== DATA FOR ANALYSIS

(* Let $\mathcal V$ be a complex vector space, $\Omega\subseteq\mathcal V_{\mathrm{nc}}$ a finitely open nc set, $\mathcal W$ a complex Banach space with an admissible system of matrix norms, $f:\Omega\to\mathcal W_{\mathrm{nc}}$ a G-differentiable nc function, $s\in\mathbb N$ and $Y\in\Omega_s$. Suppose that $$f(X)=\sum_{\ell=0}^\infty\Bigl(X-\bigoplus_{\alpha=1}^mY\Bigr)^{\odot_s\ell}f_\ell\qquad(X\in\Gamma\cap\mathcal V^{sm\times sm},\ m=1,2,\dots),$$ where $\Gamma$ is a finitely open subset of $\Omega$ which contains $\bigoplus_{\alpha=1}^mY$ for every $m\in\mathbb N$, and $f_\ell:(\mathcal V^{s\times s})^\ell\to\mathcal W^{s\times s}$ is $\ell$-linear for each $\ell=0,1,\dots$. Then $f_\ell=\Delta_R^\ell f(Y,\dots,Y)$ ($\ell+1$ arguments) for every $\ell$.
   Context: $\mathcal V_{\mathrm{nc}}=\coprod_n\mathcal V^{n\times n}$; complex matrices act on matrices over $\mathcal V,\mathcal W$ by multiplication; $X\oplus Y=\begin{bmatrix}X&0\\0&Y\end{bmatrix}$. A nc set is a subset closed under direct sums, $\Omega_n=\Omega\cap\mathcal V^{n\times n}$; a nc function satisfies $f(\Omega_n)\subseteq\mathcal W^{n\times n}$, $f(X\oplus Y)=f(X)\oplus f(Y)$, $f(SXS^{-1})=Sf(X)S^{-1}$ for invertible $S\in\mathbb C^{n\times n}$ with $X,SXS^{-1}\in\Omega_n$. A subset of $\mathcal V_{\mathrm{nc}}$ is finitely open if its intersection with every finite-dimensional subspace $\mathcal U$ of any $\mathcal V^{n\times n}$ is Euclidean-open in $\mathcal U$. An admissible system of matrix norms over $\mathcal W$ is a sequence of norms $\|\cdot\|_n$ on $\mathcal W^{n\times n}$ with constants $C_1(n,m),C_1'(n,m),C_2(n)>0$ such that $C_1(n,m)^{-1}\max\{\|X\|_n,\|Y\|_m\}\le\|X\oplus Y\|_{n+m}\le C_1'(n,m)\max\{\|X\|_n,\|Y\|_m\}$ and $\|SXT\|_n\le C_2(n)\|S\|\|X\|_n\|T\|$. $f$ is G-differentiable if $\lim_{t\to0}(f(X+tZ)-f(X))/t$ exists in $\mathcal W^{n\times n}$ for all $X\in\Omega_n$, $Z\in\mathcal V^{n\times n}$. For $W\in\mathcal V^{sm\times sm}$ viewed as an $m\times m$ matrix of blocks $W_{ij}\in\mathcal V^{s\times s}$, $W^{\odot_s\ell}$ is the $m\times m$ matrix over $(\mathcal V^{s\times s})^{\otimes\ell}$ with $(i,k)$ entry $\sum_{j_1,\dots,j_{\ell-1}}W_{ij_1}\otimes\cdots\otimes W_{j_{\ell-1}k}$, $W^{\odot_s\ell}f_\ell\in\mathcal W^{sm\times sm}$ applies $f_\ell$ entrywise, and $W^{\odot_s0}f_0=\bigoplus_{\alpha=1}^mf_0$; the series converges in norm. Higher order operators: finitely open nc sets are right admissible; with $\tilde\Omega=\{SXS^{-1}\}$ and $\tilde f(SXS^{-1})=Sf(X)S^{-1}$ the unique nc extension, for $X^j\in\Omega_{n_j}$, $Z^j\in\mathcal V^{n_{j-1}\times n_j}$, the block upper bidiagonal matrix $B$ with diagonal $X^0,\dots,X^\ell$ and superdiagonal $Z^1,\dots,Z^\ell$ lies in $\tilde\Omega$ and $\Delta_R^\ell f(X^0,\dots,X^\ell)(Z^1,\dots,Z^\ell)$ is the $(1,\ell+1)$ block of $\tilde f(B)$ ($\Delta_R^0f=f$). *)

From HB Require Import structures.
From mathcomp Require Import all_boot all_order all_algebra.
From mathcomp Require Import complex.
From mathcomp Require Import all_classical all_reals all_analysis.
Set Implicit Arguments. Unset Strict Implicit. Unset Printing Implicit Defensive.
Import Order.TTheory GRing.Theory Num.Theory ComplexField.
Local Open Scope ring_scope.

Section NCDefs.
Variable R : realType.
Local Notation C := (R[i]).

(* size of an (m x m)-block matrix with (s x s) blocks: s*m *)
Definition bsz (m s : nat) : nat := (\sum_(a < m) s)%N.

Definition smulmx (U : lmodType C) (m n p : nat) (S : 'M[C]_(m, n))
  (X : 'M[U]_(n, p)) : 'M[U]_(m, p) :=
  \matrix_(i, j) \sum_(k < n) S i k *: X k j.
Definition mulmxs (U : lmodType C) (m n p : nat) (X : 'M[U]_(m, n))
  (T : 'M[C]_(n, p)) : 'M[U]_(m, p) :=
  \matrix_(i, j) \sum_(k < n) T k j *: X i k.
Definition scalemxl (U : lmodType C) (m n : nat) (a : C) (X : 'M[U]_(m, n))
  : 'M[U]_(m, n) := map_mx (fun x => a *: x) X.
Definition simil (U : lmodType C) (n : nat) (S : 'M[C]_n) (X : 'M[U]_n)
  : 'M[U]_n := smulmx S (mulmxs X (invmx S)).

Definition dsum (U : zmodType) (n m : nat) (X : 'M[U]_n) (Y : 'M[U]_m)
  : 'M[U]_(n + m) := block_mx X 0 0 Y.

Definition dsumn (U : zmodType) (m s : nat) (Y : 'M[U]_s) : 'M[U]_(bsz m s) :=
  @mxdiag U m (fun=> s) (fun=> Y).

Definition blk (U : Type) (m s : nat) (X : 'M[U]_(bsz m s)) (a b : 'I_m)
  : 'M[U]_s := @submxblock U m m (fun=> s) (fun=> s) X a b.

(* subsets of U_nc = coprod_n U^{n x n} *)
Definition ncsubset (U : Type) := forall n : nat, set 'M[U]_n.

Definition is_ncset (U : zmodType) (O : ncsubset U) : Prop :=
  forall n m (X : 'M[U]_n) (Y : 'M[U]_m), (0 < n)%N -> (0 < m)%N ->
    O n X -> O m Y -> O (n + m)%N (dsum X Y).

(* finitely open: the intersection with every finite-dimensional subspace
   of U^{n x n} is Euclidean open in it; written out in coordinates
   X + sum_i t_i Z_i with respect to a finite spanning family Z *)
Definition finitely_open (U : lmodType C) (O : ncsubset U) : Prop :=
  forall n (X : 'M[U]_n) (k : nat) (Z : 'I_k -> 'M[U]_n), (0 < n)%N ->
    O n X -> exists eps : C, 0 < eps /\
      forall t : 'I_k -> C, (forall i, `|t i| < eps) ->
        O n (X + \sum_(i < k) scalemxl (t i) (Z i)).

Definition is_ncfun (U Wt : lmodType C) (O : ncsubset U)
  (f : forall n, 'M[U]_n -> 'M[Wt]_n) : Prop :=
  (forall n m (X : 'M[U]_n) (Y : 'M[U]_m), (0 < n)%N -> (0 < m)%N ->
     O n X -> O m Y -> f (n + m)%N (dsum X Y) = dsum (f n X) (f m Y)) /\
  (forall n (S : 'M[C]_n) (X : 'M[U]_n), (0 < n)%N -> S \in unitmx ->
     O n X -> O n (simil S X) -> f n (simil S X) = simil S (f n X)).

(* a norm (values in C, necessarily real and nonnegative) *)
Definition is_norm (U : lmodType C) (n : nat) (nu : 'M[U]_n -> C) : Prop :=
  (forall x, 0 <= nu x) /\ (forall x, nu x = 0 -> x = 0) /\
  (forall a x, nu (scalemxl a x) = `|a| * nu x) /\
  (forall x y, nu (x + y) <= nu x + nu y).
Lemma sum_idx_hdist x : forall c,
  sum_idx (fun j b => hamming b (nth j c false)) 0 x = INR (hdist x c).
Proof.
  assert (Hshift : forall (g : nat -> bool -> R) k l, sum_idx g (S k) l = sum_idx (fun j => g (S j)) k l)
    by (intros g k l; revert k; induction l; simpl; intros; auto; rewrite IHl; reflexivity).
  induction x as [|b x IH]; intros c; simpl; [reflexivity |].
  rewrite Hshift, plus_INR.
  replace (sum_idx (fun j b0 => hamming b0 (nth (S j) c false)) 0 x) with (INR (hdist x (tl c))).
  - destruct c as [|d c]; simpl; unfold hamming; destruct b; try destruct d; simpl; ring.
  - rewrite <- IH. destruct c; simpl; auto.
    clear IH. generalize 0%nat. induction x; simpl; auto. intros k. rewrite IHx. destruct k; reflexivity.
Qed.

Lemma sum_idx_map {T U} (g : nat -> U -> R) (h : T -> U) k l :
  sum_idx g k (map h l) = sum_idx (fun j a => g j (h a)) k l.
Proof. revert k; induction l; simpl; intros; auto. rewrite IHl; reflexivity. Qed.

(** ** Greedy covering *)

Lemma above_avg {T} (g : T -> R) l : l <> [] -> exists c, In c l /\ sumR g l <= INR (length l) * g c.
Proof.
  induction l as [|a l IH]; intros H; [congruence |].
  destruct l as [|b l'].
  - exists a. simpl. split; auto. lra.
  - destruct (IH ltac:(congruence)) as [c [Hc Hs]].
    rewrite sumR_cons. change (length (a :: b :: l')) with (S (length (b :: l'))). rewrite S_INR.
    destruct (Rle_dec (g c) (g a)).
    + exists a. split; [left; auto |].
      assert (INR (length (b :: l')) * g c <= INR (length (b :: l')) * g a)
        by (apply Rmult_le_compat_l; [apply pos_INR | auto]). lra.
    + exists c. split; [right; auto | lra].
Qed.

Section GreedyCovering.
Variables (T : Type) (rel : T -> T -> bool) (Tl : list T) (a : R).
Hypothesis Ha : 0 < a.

====
== DATA FOR ANALYSIS

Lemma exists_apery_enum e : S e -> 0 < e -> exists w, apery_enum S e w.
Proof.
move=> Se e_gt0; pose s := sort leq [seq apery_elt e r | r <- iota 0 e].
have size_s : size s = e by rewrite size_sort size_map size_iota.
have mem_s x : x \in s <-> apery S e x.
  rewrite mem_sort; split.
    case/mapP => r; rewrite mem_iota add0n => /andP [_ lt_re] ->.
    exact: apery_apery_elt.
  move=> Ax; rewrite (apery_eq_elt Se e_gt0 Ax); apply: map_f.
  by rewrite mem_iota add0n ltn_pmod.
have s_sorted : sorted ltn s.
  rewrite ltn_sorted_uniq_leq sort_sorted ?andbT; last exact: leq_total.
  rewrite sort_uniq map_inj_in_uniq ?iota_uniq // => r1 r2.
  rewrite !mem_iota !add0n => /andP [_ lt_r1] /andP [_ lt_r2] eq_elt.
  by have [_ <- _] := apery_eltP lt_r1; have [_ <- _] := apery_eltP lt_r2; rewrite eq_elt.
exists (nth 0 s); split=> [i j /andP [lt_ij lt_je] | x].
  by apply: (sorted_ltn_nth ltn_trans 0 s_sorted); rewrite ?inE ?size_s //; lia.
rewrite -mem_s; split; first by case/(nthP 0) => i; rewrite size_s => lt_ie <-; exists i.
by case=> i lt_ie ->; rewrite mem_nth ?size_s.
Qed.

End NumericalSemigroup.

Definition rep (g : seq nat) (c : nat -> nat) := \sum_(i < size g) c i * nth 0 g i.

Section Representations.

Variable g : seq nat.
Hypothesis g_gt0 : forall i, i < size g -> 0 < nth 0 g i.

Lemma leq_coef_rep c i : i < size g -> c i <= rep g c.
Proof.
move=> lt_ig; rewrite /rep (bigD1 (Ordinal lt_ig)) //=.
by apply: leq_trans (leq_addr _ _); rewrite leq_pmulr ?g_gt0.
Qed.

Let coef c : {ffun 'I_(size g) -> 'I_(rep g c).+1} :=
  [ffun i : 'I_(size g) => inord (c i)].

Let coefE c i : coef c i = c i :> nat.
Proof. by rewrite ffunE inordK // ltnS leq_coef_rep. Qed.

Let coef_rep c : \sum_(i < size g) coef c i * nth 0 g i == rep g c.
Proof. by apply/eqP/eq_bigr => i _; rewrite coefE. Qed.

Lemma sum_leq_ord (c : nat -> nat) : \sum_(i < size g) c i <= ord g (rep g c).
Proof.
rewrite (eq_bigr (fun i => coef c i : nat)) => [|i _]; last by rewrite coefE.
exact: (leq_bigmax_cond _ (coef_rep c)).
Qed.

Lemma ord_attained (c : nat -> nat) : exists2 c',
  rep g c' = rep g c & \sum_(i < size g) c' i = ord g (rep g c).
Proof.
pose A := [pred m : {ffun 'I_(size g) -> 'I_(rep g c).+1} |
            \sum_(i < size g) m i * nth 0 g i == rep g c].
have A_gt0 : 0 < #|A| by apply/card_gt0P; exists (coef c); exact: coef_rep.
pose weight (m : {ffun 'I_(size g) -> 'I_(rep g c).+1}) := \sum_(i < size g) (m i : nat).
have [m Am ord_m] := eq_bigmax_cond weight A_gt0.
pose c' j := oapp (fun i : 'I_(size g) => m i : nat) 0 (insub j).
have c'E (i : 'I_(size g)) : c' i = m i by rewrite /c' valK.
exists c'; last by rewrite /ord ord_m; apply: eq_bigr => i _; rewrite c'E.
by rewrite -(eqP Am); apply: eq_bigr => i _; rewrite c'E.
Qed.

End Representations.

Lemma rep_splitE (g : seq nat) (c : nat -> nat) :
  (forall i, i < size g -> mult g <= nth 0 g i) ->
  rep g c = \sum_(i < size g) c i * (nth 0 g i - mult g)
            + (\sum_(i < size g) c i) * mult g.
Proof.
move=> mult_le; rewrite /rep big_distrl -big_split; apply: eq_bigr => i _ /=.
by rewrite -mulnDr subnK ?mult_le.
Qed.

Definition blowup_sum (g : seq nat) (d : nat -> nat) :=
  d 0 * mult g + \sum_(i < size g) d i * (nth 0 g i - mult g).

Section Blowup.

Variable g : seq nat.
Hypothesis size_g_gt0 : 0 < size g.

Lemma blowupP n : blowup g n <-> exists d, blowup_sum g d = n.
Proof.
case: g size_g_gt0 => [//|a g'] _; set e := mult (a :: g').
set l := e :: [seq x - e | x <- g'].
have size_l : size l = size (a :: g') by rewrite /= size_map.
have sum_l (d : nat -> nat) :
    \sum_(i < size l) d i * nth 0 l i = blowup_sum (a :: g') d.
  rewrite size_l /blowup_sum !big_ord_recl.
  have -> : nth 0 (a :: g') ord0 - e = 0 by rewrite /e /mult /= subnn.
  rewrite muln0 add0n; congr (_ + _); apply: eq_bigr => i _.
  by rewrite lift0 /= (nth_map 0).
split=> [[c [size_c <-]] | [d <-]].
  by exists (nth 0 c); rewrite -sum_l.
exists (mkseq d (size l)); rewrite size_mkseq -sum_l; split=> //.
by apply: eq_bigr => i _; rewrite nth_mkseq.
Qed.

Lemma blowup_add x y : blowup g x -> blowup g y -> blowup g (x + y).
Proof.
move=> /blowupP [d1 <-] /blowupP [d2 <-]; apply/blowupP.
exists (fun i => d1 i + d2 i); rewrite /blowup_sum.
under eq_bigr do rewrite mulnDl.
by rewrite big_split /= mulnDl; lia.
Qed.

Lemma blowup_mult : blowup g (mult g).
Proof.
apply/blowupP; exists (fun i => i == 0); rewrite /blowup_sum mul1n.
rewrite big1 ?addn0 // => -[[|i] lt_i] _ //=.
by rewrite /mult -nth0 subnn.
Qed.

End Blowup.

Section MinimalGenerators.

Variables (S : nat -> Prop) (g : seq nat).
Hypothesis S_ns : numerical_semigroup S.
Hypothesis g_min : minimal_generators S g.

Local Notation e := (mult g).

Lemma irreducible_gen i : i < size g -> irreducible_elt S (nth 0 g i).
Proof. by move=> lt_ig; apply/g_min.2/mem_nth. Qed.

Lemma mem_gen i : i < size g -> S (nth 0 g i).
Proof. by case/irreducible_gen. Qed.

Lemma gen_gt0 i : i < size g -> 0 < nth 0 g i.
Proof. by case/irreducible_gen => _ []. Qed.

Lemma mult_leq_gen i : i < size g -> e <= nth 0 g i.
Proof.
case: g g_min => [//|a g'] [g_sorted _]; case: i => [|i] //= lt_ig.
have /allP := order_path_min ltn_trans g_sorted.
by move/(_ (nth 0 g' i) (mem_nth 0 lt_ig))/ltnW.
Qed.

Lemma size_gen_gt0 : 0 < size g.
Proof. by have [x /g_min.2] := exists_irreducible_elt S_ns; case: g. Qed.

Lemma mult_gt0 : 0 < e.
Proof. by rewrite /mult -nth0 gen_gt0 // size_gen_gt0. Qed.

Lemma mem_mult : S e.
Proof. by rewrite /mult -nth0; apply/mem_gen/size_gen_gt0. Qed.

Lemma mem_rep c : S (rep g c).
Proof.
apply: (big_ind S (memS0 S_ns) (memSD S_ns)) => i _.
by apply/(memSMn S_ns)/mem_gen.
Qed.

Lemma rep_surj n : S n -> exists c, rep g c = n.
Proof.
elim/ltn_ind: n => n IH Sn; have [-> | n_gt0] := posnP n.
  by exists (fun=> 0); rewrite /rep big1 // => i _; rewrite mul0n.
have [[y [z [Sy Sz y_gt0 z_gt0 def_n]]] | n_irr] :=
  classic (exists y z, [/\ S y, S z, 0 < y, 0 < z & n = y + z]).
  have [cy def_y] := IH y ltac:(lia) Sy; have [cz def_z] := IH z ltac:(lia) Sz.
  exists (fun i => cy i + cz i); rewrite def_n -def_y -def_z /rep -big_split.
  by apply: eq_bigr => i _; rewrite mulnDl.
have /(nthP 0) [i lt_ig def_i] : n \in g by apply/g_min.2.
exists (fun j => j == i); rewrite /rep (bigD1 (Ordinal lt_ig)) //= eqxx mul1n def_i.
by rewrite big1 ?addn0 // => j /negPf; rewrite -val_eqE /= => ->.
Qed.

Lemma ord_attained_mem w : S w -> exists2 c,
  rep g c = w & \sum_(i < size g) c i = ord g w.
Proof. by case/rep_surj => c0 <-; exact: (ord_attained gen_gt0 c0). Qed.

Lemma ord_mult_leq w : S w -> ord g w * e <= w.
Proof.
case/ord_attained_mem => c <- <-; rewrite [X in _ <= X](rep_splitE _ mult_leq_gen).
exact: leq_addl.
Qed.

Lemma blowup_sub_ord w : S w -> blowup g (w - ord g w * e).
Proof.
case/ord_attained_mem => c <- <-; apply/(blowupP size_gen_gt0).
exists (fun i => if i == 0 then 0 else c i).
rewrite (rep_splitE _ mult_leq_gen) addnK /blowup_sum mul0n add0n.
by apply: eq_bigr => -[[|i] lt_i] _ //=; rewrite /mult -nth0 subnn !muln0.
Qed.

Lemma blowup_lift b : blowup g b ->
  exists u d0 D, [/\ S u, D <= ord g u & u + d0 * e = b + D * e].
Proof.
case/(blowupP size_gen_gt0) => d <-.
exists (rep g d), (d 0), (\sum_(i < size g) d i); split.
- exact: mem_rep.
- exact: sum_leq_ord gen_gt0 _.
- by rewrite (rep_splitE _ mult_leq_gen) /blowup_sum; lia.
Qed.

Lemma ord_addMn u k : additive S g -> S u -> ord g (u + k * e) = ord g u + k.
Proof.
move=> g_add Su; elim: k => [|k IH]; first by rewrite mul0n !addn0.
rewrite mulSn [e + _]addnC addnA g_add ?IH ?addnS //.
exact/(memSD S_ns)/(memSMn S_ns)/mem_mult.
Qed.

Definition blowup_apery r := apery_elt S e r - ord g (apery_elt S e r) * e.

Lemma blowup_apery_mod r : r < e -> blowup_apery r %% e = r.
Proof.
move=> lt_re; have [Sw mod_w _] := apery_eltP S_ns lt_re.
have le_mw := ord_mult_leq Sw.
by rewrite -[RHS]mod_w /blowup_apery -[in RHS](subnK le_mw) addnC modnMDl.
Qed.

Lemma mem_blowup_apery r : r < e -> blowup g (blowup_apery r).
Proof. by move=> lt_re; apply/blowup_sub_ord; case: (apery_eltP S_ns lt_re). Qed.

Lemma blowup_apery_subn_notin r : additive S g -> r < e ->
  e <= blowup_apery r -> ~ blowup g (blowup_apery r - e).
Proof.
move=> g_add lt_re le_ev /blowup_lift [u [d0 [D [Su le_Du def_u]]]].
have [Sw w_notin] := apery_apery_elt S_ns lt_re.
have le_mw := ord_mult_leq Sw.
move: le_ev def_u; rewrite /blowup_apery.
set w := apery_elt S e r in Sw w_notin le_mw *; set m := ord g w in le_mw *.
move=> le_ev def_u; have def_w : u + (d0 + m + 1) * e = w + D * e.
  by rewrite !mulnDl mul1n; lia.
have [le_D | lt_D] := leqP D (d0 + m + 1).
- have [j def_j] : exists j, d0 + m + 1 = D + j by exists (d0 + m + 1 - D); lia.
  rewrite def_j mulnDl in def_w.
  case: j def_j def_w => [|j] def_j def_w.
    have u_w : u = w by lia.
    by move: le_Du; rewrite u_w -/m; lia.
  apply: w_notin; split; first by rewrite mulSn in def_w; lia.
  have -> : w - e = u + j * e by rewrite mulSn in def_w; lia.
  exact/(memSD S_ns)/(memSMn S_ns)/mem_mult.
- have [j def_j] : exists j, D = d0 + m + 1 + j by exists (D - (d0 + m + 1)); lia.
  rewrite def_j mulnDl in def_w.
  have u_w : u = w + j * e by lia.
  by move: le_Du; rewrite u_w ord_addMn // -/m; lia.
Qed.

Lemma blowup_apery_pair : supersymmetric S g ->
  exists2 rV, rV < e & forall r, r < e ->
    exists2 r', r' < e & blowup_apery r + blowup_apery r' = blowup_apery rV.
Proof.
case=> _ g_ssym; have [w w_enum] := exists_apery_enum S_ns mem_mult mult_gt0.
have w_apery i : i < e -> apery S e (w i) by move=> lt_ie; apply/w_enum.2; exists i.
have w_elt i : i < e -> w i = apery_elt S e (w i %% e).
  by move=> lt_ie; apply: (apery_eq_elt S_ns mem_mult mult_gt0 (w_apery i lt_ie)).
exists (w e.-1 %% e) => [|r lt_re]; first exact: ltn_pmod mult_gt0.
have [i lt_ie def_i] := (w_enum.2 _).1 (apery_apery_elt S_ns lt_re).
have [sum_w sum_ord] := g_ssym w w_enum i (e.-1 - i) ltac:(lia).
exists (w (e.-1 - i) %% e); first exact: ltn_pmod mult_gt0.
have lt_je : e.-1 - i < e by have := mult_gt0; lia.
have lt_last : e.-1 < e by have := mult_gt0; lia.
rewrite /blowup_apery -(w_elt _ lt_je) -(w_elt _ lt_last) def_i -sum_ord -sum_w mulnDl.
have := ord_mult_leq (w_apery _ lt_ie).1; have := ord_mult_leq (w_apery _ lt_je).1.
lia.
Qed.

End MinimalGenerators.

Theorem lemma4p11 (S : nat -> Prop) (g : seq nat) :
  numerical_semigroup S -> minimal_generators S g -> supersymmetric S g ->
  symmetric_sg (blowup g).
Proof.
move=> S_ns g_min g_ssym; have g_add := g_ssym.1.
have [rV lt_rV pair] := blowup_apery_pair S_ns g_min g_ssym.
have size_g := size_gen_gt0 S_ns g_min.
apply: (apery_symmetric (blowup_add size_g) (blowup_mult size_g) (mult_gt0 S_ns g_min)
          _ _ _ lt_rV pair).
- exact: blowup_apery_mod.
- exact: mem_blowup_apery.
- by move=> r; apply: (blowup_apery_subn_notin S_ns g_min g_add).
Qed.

====

## WHAT THE TASK REQUIRES
Beginning at the line with "rewrite -mem_s; split;" and ending at the line with "move=> mult_le; rewrite", reproduce each line of the data above exactly, and add no other lines.

## ANSWER FOR THIS EXERCISE
rewrite -mem_s; split; first by case/(nthP 0) => i; rewrite size_s => lt_ie <-; exists i.
by case=> i lt_ie ->; rewrite mem_nth ?size_s.
Qed.

End NumericalSemigroup.

Definition rep (g : seq nat) (c : nat -> nat) := \sum_(i < size g) c i * nth 0 g i.

Section Representations.

Variable g : seq nat.
Hypothesis g_gt0 : forall i, i < size g -> 0 < nth 0 g i.

Lemma leq_coef_rep c i : i < size g -> c i <= rep g c.
Proof.
move=> lt_ig; rewrite /rep (bigD1 (Ordinal lt_ig)) //=.
by apply: leq_trans (leq_addr _ _); rewrite leq_pmulr ?g_gt0.
Qed.

Let coef c : {ffun 'I_(size g) -> 'I_(rep g c).+1} :=
  [ffun i : 'I_(size g) => inord (c i)].

Let coefE c i : coef c i = c i :> nat.
Proof. by rewrite ffunE inordK // ltnS leq_coef_rep. Qed.

Let coef_rep c : \sum_(i < size g) coef c i * nth 0 g i == rep g c.
Proof. by apply/eqP/eq_bigr => i _; rewrite coefE. Qed.

Lemma sum_leq_ord (c : nat -> nat) : \sum_(i < size g) c i <= ord g (rep g c).
Proof.
rewrite (eq_bigr (fun i => coef c i : nat)) => [|i _]; last by rewrite coefE.
exact: (leq_bigmax_cond _ (coef_rep c)).
Qed.

Lemma ord_attained (c : nat -> nat) : exists2 c',
  rep g c' = rep g c & \sum_(i < size g) c' i = ord g (rep g c).
Proof.
pose A := [pred m : {ffun 'I_(size g) -> 'I_(rep g c).+1} |
            \sum_(i < size g) m i * nth 0 g i == rep g c].
have A_gt0 : 0 < #|A| by apply/card_gt0P; exists (coef c); exact: coef_rep.
pose weight (m : {ffun 'I_(size g) -> 'I_(rep g c).+1}) := \sum_(i < size g) (m i : nat).
have [m Am ord_m] := eq_bigmax_cond weight A_gt0.
pose c' j := oapp (fun i : 'I_(size g) => m i : nat) 0 (insub j).
have c'E (i : 'I_(size g)) : c' i = m i by rewrite /c' valK.
exists c'; last by rewrite /ord ord_m; apply: eq_bigr => i _; rewrite c'E.
by rewrite -(eqP Am); apply: eq_bigr => i _; rewrite c'E.
Qed.

End Representations.

Lemma rep_splitE (g : seq nat) (c : nat -> nat) :
  (forall i, i < size g -> mult g <= nth 0 g i) ->
  rep g c = \sum_(i < size g) c i * (nth 0 g i - mult g)
            + (\sum_(i < size g) c i) * mult g.
Proof.
move=> mult_le; rewrite /rep big_distrl -big_split; apply: eq_bigr => i _ /=.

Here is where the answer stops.